Jiang Wenbo picture Jiang Wenbo · Feb 13, 2018 · Viewed 7.7k times · Source

Recently I am looking into the dataset API in Tensorflow, and there is a method dataset.shard() which is for distributed computations.

This is what's stated in Tensorflow's documentation:

Creates a Dataset that includes only 1/num_shards of this dataset.

d = tf.data.TFRecordDataset(FLAGS.input_file)
d = d.shard(FLAGS.num_workers, FLAGS.worker_index)
d = d.repeat(FLAGS.num_epochs)
d = d.shuffle(FLAGS.shuffle_buffer_size)
d = d.map(parser_fn, num_parallel_calls=FLAGS.num_map_threads)

This method is said to return a portion of the original dataset. If I have two workers, am I supposed to do:

d_0 = d.shard(FLAGS.num_workers, worker_0)
d_1 = d.shard(FLAGS.num_workers, worker_1)
......
iterator_0 = d_0.make_initializable_iterator()
iterator_1 = d_1.make_initializable_iterator()

for worker_id in workers:
    with tf.device(worker_id):
        if worker_id == 0:
            data = iterator_0.get_next()
        else:
            data = iterator_1.get_next()
        ......

Because the documentation did not specify how to make subsequent calls, I am a bit confused here.

Thanks!

Answer

Olivier Moindrot picture Olivier Moindrot · Feb 20, 2018

You should take a look at the tutorial on Distributed TensorFlow first to better understand how it works.

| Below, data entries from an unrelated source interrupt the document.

Lemma vnorm_mulmx_le v A : vnorm (v *m A^T) <= spnorm A * vnorm v.
Proof.
have [v0|v_neq0] := eqVneq (vnorm v) 0.
  by rewrite v0 mulr0 (le_trans (vnorm_mulmx_le_frobenius v A)) // v0 mul0r.
have v_gt0 : 0 < vnorm v by rewrite lt_def v_neq0 vnorm_ge0.
have nv_ge0 : 0 <= (vnorm v)^-1 by rewrite invr_ge0 vnorm_ge0.
have := @spnorm_ub ((vnorm v)^-1 *: v) A.
rewrite -scalemxAl !vnormZ ger0_norm // mulVf // lexx => /(_ isT).
by rewrite ler_pdivrMl // mulrC.
Qed.

Lemma spnorm_le_bilinear A c : 0 <= c ->
  (forall u v, dot u (v *m A^T) <= c * (vnorm u * vnorm v)) -> spnorm A <= c.
Proof.
move=> c0 Ac; apply: spnorm_le => v v_le1; set u := v *m A^T.
have [u0|u_neq0] := eqVneq (vnorm u) 0; first by rewrite u0.
have u_gt0 : 0 < vnorm u by rewrite lt_def u_neq0 vnorm_ge0.
rewrite -(ler_pM2l u_gt0) -expr2 vnorm_sqr (le_trans (Ac u v)) //.
by rewrite mulrCA ler_wpM2l ?vnorm_ge0 // ler_piMr.
Qed.

Lemma dot_mulmx_le_spnorm a A : dot a (a *m A^T) <= spnorm A * vnorm a ^+ 2.
Proof.
rewrite (le_trans (dot_le_vnorm _ _)) // expr2 mulrA [X in _ <= X]mulrC.
by rewrite ler_wpM2l ?vnorm_ge0 // vnorm_mulmx_le.
Qed.
End euclidean_rows.

Section random_row_vectors.
Context (dT : measure_display) (T : measurableType dT) (R : realType)
  (P : probability T R) (d : nat).
Implicit Types (X Y : T -> 'rV[R]_d) (a b u v : 'rV[R]_d).

Definition square_integrable X := forall i, (fun t => X t 0 i) \in Lfun P 2%:E.

Lemma square_integrable_vnorm X :
  (forall i, measurable_fun setT (fun t => X t 0 i)) ->
  P.-integrable setT (fun t => (vnorm (X t) ^+ 2)%:E) -> square_integrable X.
Proof.
move=> mX X2 i; apply: integrable_sqr_Lfun2 => //.
apply: le_integrable X2 => //; first by apply/measurable_EFinP; exact: measurable_funX.
by move=> t _; rewrite /= lee_fin !ger0_norm ?sqr_ge0 ?coord_sqr_le.
Qed.

Lemma square_integrableB X Y : square_integrable X -> square_integrable Y ->
  square_integrable (fun t => X t - Y t).
Proof.
move=> X2 Y2 i; rewrite (_ : (fun t => _) = (fun t => X t 0 i) - (fun t => Y t 0 i)).
  by rewrite rpredB ?lee1n.
by apply: funext => t; rewrite !mxE.
Qed.

Lemma Lfun2_dot a X : square_integrable X -> (fun t => dot a (X t)) \in Lfun P 2%:E.
Proof.
move=> X2; rewrite (_ : (fun t => _) = \sum_(i < d) a 0 i *: (fun t => X t 0 i)).
  by rewrite rpred_sum ?lee1n // => ? i _; rewrite rpredZ.
by apply: funext => t; rewrite fct_sumE; apply: eq_bigr => i _.
Qed.

Lemma dot_second_moment a b X : square_integrable X ->
  dot a (b *m (second_moment P X)^T) =
  expect P (fun t => dot a (X t) * dot b (X t)).
Proof.
move=> X2; pose F j i := (a 0 j * b 0 i) \o* ((fun t => X t 0 j) \* (fun t => X t 0 i)).
have F1 j i : F j i \in Lfun P 1 by rewrite Lfun_scale ?Lfun2_mul_Lfun1.
rewrite (_ : (fun t => _) = \sum_j \sum_i F j i); last first.
  apply: funext => t; rewrite /dot mulr_suml fct_sumE; apply: eq_bigr => j _.
  rewrite mulr_sumr fct_sumE; apply: eq_bigr => i _; rewrite /F /=; ring.
rewrite expect_sum => [|j]; last by rewrite rpred_sum.
apply: eq_bigr => j _; rewrite mulmx_trE /dot mulr_sumr expect_sum //.
by apply: eq_bigr => i _; rewrite expectZl ?Lfun2_mul_Lfun1 // !mxE; ring.
Qed.

Lemma Lfun1_vnorm_sqr X : square_integrable X ->
  (fun t => vnorm (X t) ^+ 2) \in Lfun P 1.
Proof.
move=> X2; rewrite (_ : (fun t => _) =
  \sum_i (fun t => X t 0 i) \* (fun t => X t 0 i)); last first.
  by apply: funext => t; rewrite vnorm_sqr fct_sumE.
by rewrite rpred_sum // => i _; rewrite Lfun2_mul_Lfun1.
Qed.

Lemma trace_second_moment X : square_integrable X ->
  \tr (second_moment P X) = expect P (fun t => vnorm (X t) ^+ 2).
Proof.
move=> X2; rewrite (_ : (fun t => _) =
  \sum_i (fun t => X t 0 i) \* (fun t => X t 0 i)); last first.
  by apply: funext => t; rewrite vnorm_sqr fct_sumE.
rewrite expect_sum => [|i]; last by rewrite Lfun2_mul_Lfun1.
by apply: eq_bigr => i _; rewrite mxE.
Qed.

Lemma expect_dot_sqr_le_spnorm a X : square_integrable X ->
  expect P (fun t => dot a (X t) * dot a (X t)) <=
  vnorm a ^+ 2 * spnorm (second_moment P X).
Proof.
by move=> X2; rewrite -dot_second_moment // mulrC dot_mulmx_le_spnorm.
Qed.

You have multiple workers, that each run the same code but with a small difference: each worker will have a different FLAGS.worker_index.

When you use tf.data.Dataset.shard, you will supply this worker index and the data will be split between workers equally.

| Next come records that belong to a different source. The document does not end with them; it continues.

Definition tau (b : A) : nat := xchoose (subst_onto (x 0) b).

Lemma occurs_mod_tau b r : occurs b r <-> occurs (x 0) (r - (tau b)%:Z).
Proof.
have /andP[tau_lt /eqP tauE] := xchooseP (subst_onto (x 0) b).
split; first exact: occurs_mod_subst_inv.
by move/(occurs_mod_subst tau_lt tauE); rewrite subrK.
Qed.

Definition mod_period (g : int) : Prop :=
  forall r, occurs (x 0) r <-> occurs (x 0) (r + g).

Lemma mod_period0 : mod_period 0.
Proof. by move=> r; rewrite addr0. Qed.

Lemma mod_periodB g1 g2 : mod_period g1 -> mod_period g2 -> mod_period (g1 - g2).
Proof.
move=> P1 P2 r; rewrite addrA; have := P2 (r + g1 - g2); rewrite subrK => P2'.
exact: iff_trans (P1 r) (iff_sym P2').
Qed.

Lemma mod_periodMz z : mod_period (z * M%:Z).
Proof.
apply: (subgroupMz mod_period0 mod_periodB z) => r.
split=> [/(occurs_modMz 1) | /(occurs_modMz (-1))]; rewrite ?mul1r //.
by rewrite mulN1r addrK.
Qed.

Lemma mod_period_subst a b c : (c < l ^ E)%N -> subst_iter sigma E a c = b ->
  mod_period ((tau b)%:Z - c%:Z - (tau a)%:Z).
Proof.
move=> c_lt abc r.
have -> : r + ((tau b)%:Z - c%:Z - (tau a)%:Z) = r + (tau b)%:Z - c%:Z - (tau a)%:Z by ring.
rewrite -occurs_mod_tau -[in X in X <-> _](addrK (tau b)%:Z r) -occurs_mod_tau.
split; first exact: occurs_mod_subst_inv.
by move/(occurs_mod_subst c_lt abc); rewrite subrK.
Qed.

(* By [occurs_mod_tau], x 0 occurs along the class of [phase t] modulo M. *)
Definition phase (t : int) : int := t - (tau (x t))%:Z.

Lemma mod_period_phase_step t c : (c < l ^ E)%N ->
  mod_period (phase ((l ^ E)%:Z * t + c%:Z) - phase t).
Proof.
move=> c_lt; have xE := fixed_point_subst_iter l_gt0 x_fixed t c_lt.
have := mod_periodB (mod_periodMz (s%:Z * t)) (mod_period_subst c_lt (esym xE)).
by rewrite /phase lE PoszD PoszM; congr mod_period; ring.
Qed.

Hypothesis x_adjacent : exists T : nat, x T%:Z = x (-1) /\ x T.+1%:Z = x 0.

Lemma mod_period_phase t : mod_period (phase t - phase 0).
Proof.
pose Q t := mod_period (phase t - phase 0).
have Q0 : Q 0 by rewrite /Q subrr; apply: mod_period0.
have QS t' c : (c < l ^ E)%N -> Q t' -> Q ((l ^ E)%:Z * t' + c%:Z).
  move=> c_lt Qt; have := subgroupD mod_period0 mod_periodB (mod_period_phase_step t' c_lt) Qt.
  by rewrite /Q subrKA.
have [T [xT xT1]] := x_adjacent.
have Qm1 : Q (-1).
  have := mod_periodB (nat_base_ind lE_gt1 Q0 QS T) (nat_base_ind lE_gt1 Q0 QS T.+1).
  by rewrite /Q /phase xT xT1 -addn1 PoszD; congr mod_period; ring.
exact: int_base_ind lE_gt1 Q0 Qm1 QS t.
Qed.

Lemma occurs_mod_height (h : nat) : coprime M l -> is_height l x h ->
  forall r n, occurs (x (r + n * h%:Z)) r.
Proof.
move=> cML x_height r n.
have Ph : mod_period h%:Z.
  apply: (is_height_subgroup mod_period0 mod_periodB x_height M_gt0 cML).
    by have := mod_periodMz 1; rewrite mul1r.
  move=> m _ xm; have := mod_period_phase m%:Z.
  by rewrite /phase xm; congr mod_period; ring.
apply/occurs_mod_tau; apply/(subgroupMz mod_period0 mod_periodB n Ph).
have := occurs_mod_tau (x (r + n * h%:Z)) (r + n * h%:Z).
by rewrite addrAC => <-; exists 0; rewrite mul0r addr0.
Qed.

End OccurrencesModulo.

Lemma int_mixed_radix_eq (k : int) (L h : nat) : (0 < L)%N -> (0 < h)%N ->
  exists (j c : nat) (n : int),
    [/\ (j < h)%N, (c < L)%N & k = L%:Z * (j%:Z + n * h%:Z) + c%:Z].
Proof.
move=> L_gt0 h_gt0; have [m [c [c_lt ->]]] := int_divn_eq k L_gt0.
have [n [j [j_lt ->]]] := int_divn_eq m h_gt0.
by exists j, c, n; split=> //; congr (_ * _ + _); ring.
Qed.

Lemma occurs_mod_const (A B : Type) (x : int -> A) (phi : A -> B) (M p : nat) k b a :
    (p %| M)%N -> (forall n, phi (x (k + n * p%:Z)) = b) ->
  occurs_mod x M a k -> phi a = b.
Proof.
move=> /dvdnP[t ->] xk [z <-].
by rewrite PoszM mulrA; apply: xk.
Qed.

Section Vertices.
Variables (A : finType) (B : Type) (l : nat) (sigma : A -> l.-tuple A) (x : int -> A).
Variables (phi : A -> B) (h : nat).
Hypotheses (l_gt1 : (1 < l)%N) (x_fixed : two_sided_fixed_point sigma x).

Let l_gt0 : (0 < l)%N := ltnW l_gt1.

Lemma image_singleton_gwalk_height_class j w (b : B) :
    (forall a, gwalk sigma (height_class x h j) w a -> phi a = b) ->
  image_singleton phi (gwalk sigma (height_class x h j) w).
Proof.
move=> phiE; exists b; split=> //.
by exists (x ((l ^ size w)%:Z * (j%:Z + 0 * h%:Z) + (code w)%:Z));
  apply/gwalk_height_classE => //; exists 0.
Qed.

Hypothesis h_gt0 : (0 < h)%N.

Lemma const_arith_subseq_of_vertex j w :
    image_singleton phi (gwalk sigma (height_class x h j) w) ->
  has_const_arith_subseq (fun n => phi (x n)).
Proof.
move=> [b [_ phiE]].
exists (l ^ size w * h)%N, ((l ^ size w)%:Z * j%:Z + (code w)%:Z), b.
split; first by rewrite muln_gt0 expn_gt0 l_gt0.
move=> n; apply/phiE/gwalk_height_classE => //; exists n.
by congr x; rewrite PoszM; ring.
Qed.

Lemma periodic_of_singleton_walks N :
    (forall j w, (j < h)%N -> size w = N ->
       image_singleton phi (gwalk sigma (height_class x h j) w)) ->
  periodic (fun n => phi (x n)).
Proof.
move=> walksN; exists (l ^ N * h)%N; split; first by rewrite muln_gt0 expn_gt0 l_gt0.
have lN_gt0 : (0 < l ^ N)%N by rewrite expn_gt0 l_gt0.
move=> t; have [j [c [n [j_lt c_lt ->]]]] := int_mixed_radix_eq t lN_gt0 h_gt0.
have [w [wN <-]] := code_onto l_gt0 c_lt.
have [b [_ phiE]] := walksN j w j_lt wN.
have yE n' : phi (x ((l ^ N)%:Z * (j%:Z + n' * h%:Z) + (code w)%:Z)) = b.
  by apply/phiE/gwalk_height_classE => //; exists n'; rewrite wN.
have -> : (l ^ N)%:Z * (j%:Z + n * h%:Z) + (code w)%:Z + (l ^ N * h)%N%:Z =
    (l ^ N)%:Z * (j%:Z + (n + 1) * h%:Z) + (code w)%:Z by rewrite PoszM; ring.
by rewrite !yE.
Qed.

Hypotheses (x_prim : primitive sigma) (x_adm : admissible sigma x) (x_height : is_height l x h).

Lemma occurs_mod_height_mul q : coprime q l -> (0 < q)%N ->
  forall r n, occurs_mod x (h * q) (x (r + n * h%:Z)) r.
Proof.
move=> cql q_gt0; have [_ chl _ _] := x_height.
have M_gt0 : (0 < h * q)%N by rewrite muln_gt0 h_gt0.
have cMl : coprime (h * q) l by rewrite coprimeMl chl.
have [n0 n0_gt0 onto] := primitive_subst_onto l_gt0 x_prim.
have [E [s [n0E lE]]] := expn_eq1_mod n0 l_gt0 M_gt0 cMl.
have lE_gt1 : (1 < l ^ E)%N.
  by apply: leq_trans l_gt1 _; rewrite -{1}(expn1 l) leq_pexp2l // (leq_trans n0_gt0).
exact (occurs_mod_height l_gt0 x_fixed M_gt0 lE_gt1 lE (onto E n0E)
  (admissible_adjacent l_gt0 x_prim x_fixed x_adm) cMl x_height).
Qed.

Lemma gwalk_height_class_occurs q j w (n : int) a : coprime q l -> (0 < q)%N ->
    gwalk sigma (height_class x h j) w a ->
  occurs_mod x (l ^ size w * (h * q)) a ((l ^ size w)%:Z * (j%:Z + n * h%:Z) + (code w)%:Z).
Proof.
move=> cql q_gt0 /gwalk_height_classE [] // n' <-.
have [z xz] := occurs_mod_height_mul cql q_gt0 (j%:Z + n * h%:Z) (n' - n).
have -> : j%:Z + n' * h%:Z = j%:Z + n * h%:Z + (n' - n) * h%:Z by ring.
exists z; rewrite !(fixed_point_subst_iter l_gt0 x_fixed) ?code_lt // -xz.
rewrite -(fixed_point_subst_iter l_gt0 x_fixed) ?code_lt //; congr x.
by rewrite !PoszM; ring.
Qed.

Lemma vertex_of_const_arith_subseq : has_const_arith_subseq (fun n => phi (x n)) ->
  exists j w, (j < h)%N /\ image_singleton phi (gwalk sigma (height_class x h j) w).
Proof.
move=> [p [k [b [p_gt0 yk]]]].
have [K [q [cql q_gt0 p_dvd]]] := coprime_part_dvd l p_gt0.
have lK_gt0 : (0 < l ^ K)%N by rewrite expn_gt0 l_gt0.
have [j [c [n [j_lt c_lt kE]]]] := int_mixed_radix_eq k lK_gt0 h_gt0.
have [w [wK cE]] := code_onto l_gt0 c_lt.
rewrite kE -cE -wK in yk.
exists j, w; split=> //; apply: image_singleton_gwalk_height_class => a.
move=> /(gwalk_height_class_occurs n cql q_gt0); apply: occurs_mod_const yk.
by rewrite mulnCA dvdn_mull // wK.
Qed.

Lemma singleton_walks_of_periodic : periodic (fun n => phi (x n)) ->
  exists N, forall j w0 w, (N <= size w)%N ->
    image_singleton phi (gwalk sigma (gwalk sigma (height_class x h j) w0) w).
Proof.
move=> [p [p_gt0 y_per]].
have [K [q [cql q_gt0 p_dvd]]] := coprime_part_dvd l p_gt0.
exists K => j w0 w Kw; rewrite gwalk_cat; set W := w0 ++ w.
pose k := (l ^ size W)%:Z * (j%:Z + 0 * h%:Z) + (code W)%:Z.
have yk n : phi (x (k + n * p%:Z)) = phi (x k) := periodic_mulz y_per k n.
apply: (image_singleton_gwalk_height_class (b := phi (x k))) => a.
move=> /(gwalk_height_class_occurs 0 cql q_gt0); apply: occurs_mod_const yk.
have KW : (K <= size W)%N by rewrite size_cat (leq_trans Kw) ?leq_addl.
by rewrite mulnCA dvdn_mull // -(subnK KW) expnD -mulnA dvdn_mull.
Qed.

Here is an example with 3 workers.

dataset = tf.data.Dataset.range(6)
dataset = dataset.shard(FLAGS.num_workers, FLAGS.worker_index)


iterator = dataset.make_one_shot_iterator()
res = iterator.get_next()

# Suppose you have 3 workers in total
with tf.Session() as sess:
    for i in range(2):
        print(sess.run(res))

We will have the output:

  • 0, 3 on worker 0
  • 1, 4 on worker 1
  • 2, 5 on worker 2